(Collected data entries)
(* Let $\mathcal{X}=\{X\in\mathbb{R}^{n\times m}: X\ge0 \text{ entrywise},\ X^\top\mathbb{1}_n=\mathbb{1}_m\}$ (column-stochastic matrices) and consider the lift $\varphi\colon(\mathrm{S}^{n-1})^m\to\mathcal{X}$, $\varphi(y_1,\dots,y_m)=[y_1\odot y_1,\dots,y_m\odot y_m]$. It satisfies ''local $\Rightarrow$ local'' at every point, satisfies ''1 $\Rightarrow$ 1'' at $(y_1,\dots,y_m)$ if and only if $(y_i)_j\neq0$ for all $i,j$, and satisfies ''2 $\Rightarrow$ 1'' at every point.
   Context: $\mathbb{1}_n$ is the all-ones vector, $\odot$ the entrywise product, $[x_1,\dots,x_m]$ the $n\times m$ matrix with columns $x_i$, $\mathrm{S}^{n-1}$ the unit sphere. General setting: for a smooth manifold $\mathcal{M}$ and smooth $\varphi\colon\mathcal{M}\to\mathcal{E}$ with image $\mathcal{X}$, and a cost $f$, set $g=f\circ\varphi$. Tangent cone: $\mathrm{T}_x\mathcal{X}=\{\lim (x_i-x)/\tau_i: x_i\in\mathcal{X},\tau_i>0,\tau_i\to0\}$; $K^*=\{u:\langle u,v\rangle\ge0\ \forall v\in K\}$; $x$ is stationary for $f$ on $\mathcal{X}$ if $\nabla f(x)\in(\mathrm{T}_x\mathcal{X})^*$. $y$ is 1-critical for $g$ if $(g\circ c)'(0)=0$ for all smooth curves $c$ in $\mathcal{M}$ with $c(0)=y$; 2-critical if moreover $(g\circ c)''(0)\ge0$ for all such curves. ''local $\Rightarrow$ local'' at $y$: for every continuous $f\colon\mathcal{X}\to\mathbb{R}$, if $y$ is a local minimum of $g$ then $\varphi(y)$ is a local minimum of $f$ on $\mathcal{X}$. ''$k\Rightarrow1$'' at $y$ ($k=1,2$): for every $k$-times differentiable $f\colon\mathcal{E}\to\mathbb{R}$, if $y$ is $k$-critical for $g$ then $\varphi(y)$ is stationary for $f$ on $\mathcal{X}$. *)

From HB Require Import structures.
From mathcomp Require Import all_boot all_order all_algebra.
From mathcomp Require Import all_classical all_reals all_analysis.
Set Implicit Arguments. Unset Strict Implicit. Unset Printing Implicit Defensive.
Import Order.TTheory GRing.Theory Num.Theory.
Import numFieldNormedType.Exports.
Local Open Scope classical_set_scope.
Local Open Scope ring_scope.

Section Defs.
Variables (R : realType) (n m : nat).
Local Notation E := 'M[R]_(n, m).

Definition frob (A B : E) : R := \sum_(i < n) \sum_(j < m) A i j * B i j.

Definition stoch : set E :=
  [set X : E | (forall i j, 0 <= X i j) /\ X^T *m (const_mx 1 : 'cV[R]_n) = const_mx 1].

- [Description of the task]:
Nothing but the lines from the one that contains "Local Open Scope ring_scope." through the last line of the entries should appear in your reply, each repeated exactly.

- [Answer for the task]:
Local Open Scope ring_scope.

Section Defs.
Variables (R : realType) (n m : nat).
Local Notation E := 'M[R]_(n, m).

Definition frob (A B : E) : R := \sum_(i < n) \sum_(j < m) A i j * B i j.

Definition stoch : set E :=
  [set X : E | (forall i j, 0 <= X i j) /\ X^T *m (const_mx 1 : 'cV[R]_n) = const_mx 1].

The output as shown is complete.